Petroleum refineries and chemical plants periodically need to clean storage tanks to check for corrosion, to allow the tank to be repurposed, or for other maintenance work. Part of the process for cleaning a tank includes gas freeing – removing flammable or toxic vapors from the tank – to provide a nonhazardous atmosphere in the tank for the cleaning crew.
A petroleum refinery had a large storage tank that had been out of service for several years that they wanted to repurpose. This tank was protected by the plant’s vapor recovery system that used natural gas (composed mostly of methane) to fill the headspace of their tanks to prevent air ingress into the tanks. They needed to clean the tank prior to putting it into service. As part of the cleaning process, they arranged for a third party to gas-free the tank.
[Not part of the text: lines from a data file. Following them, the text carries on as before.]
End Multiplicities.

Section ScaledShifts.
Variables (R : rcfType) (h : R).
Hypothesis hh : 0 < h.

Lemma scaled_window (a b c s t u : nat) : (a <= b <= c)%N -> (s <= t < u)%N ->
  h * a%:R - u%:R + 1 <= h * b%:R - t%:R /\ h * b%:R - t%:R <= h * c%:R - s%:R.
Proof.
move=> /andP[ab bc] /andP[st tu].
have ha : h * a%:R <= h * b%:R by rewrite ler_pM2l // ler_nat.
have hc : h * b%:R <= h * c%:R by rewrite ler_pM2l // ler_nat.
have hu : t%:R + 1 <= u%:R :> R by rewrite natr1 ler_nat.
have hs : s%:R <= t%:R :> R by rewrite ler_nat.
split; lra.
Qed.

Lemma scaled_shift_cases (m b t : nat) : rC (h * m%:R) = rC (h * b%:R) - t%:R ->
  (m < b)%N \/ (m = b /\ t = 0%N).
Proof.
rewrite rC_subn => /complexI eq_mbt.
have ht : 0 <= t%:R :> R by rewrite ler0n.
case: (ltngtP m b) => [|hbm|eq_mb]; [by left | exfalso | right; split => //].
  have hlt : h * b%:R < h * m%:R by rewrite ltr_pM2l // ltr_nat.
  lra.
suff : t%:R = 0 :> R by move/eqP; rewrite pnatr_eq0 => /eqP.
by move: eq_mbt; rewrite eq_mb; lra.
Qed.

End ScaledShifts.

Section Proposition.
Variables (R : rcfType) (d : R) (k l : seq nat).
Hypotheses (hd : 0 < d) (hk : Zpp k) (hl : Zpp l).
Local Notation p := (size k).
Local Notation q := (size l).
Local Notation h := (d / 2%:R).

Let hh : 0 < h. Proof. by rewrite divr_gt0 // ltr0n. Qed.

Lemma unbalanced_at_root (Q : {poly R[i]}) (lam : R[i]) :
  Q * C0den d k l = pochphi d k l * C0num d k l -> root Q lam ->
  exists b t, [/\ (b <= p + q)%N, lam = rC (h * b%:R) - t%:R & ~ balanced k l b t].
Proof.
move=> hQ rootQ; apply: NNPP => all_balanced.
have nzP := monic_neq0 (pochphi_monic d k l).
have nzN := monic_neq0 (C0num_monic d k l).
have nzD := monic_neq0 (C0den_monic d k l).
have nzQ : Q != 0.
  by apply: contra_neq (mulf_neq0 nzP nzN) => Q0; rewrite -hQ Q0 mul0r.
have mupQ : (mup lam Q + mup lam (C0den d k l) =
             mup lam (pochphi d k l) + mup lam (C0num d k l))%N by rewrite -!mupM // hQ.
have : (0 < mup lam Q)%N by rewrite -XsubC_dvd // dvdp_XsubCl.
rewrite (mup_balance hk hl) in mupQ; first lia.
move=> b t hb ht; apply: NNPP => unbal; apply: all_balanced.
by exists b, t.
Qed.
The gas-freeing company planned to do the gas freeing by opening a ground-level manway to allow air inflow while using a thermal oxidizer to draw air and vapors from the tank through a second ground-level manway. The oxidizer included monitors to measure the concentration of methane in the discharge gas stream. The local authority limited the air flow rate through the oxidizer, so the gas-freeing plan needed 48 hours to provide the number of air exchanges required to dilute the methane to a safe concentration. However, after 7 hours, the oxidizer monitors measured the methane concentration below the target level, so the operator shut down the gas-freeing operation. The day after the operation was suspended, gas in the tank ignited and the deflagration destroyed the tank. ESi was retained to investigate the incident to determine how this occurred.
ESi Approach
The thermal oxidizer measured both the inlet methane concentration and the total amount of energy produced by the oxidizer’s burner. This allowed an estimate of the total amount of gas from the tank that was burned. ESi’s analysis showed that only a fraction of the total methane in the tank was burned by the oxidizer. Further analysis using computational fluid dynamics (CFD) showed that the locations of the air inlet and the gas discharge at ground level resulted in stratified layers in the tank headspace with a methane layer at the top of the tank and air short-circuiting through the bottom of the tank rather than completely mixing with the gases in the tank headspace. The result was that only about 20% of the tank headspace was mixed with air and this was the portion the oxidizer detected as having no methane remaining after 7 hours.
The Outcome
The API standard RP 2016 provides guidelines for vapor and gas freeing of tanks. They recommend using 5 air changes per hour when gas freeing a tank and recommend positioning inlets and outlets to take advantage of density differences between the gas or vapor in the tank and air. The gas-freeing plan used in this incident did not follow the API guidelines in the locations of the inlet and outlet, and the restriction on maximum air flow rate prevented them from flowing air at 5 changes per hour. The air flow was not capable of breaking the stratified layers. The investigation showed that ESi’s client was not responsible for the deflagration because they were not involved in planning or completing the gas-freeing operation.
ESi expanded the analysis for this incident to cover additional scenarios and included heuristic knowledge and some published correlations for analyzing whether a specific set of conditions will be likely to successfully gas-free a tank when the air flow rate that can be used is less than the API recommended rate. This analysis was presented at the 2017 AIChE Global Conference on Chemical Process Safety, and can be downloaded from https://www.researchgate.net/publication/315771757_Stratification_During_Vapor_or_Gas_Freeing_of_Storage_Tanks.
Summary
ESi was retained to investigate a deflagration that occurred shortly after a large storage tank had been gas-freed. ESi found that the gas-freeing plan did not consider the density of the gas in the tank (methane) and so the air inlet and outlet were not properly located. The gas freeing operation was suspended when the readings in the air discharge from the tank showed a low methane concentration. However, the duration of the gas freeing operation was significantly too short to completely remove the methane from the tank even if the air inlet and outlet were properly located. ESi estimated that approximately 20% of the tank was gas freed and the remainder contained methane. This subsequently ignited, resulting in a deflagration and failure of the tank.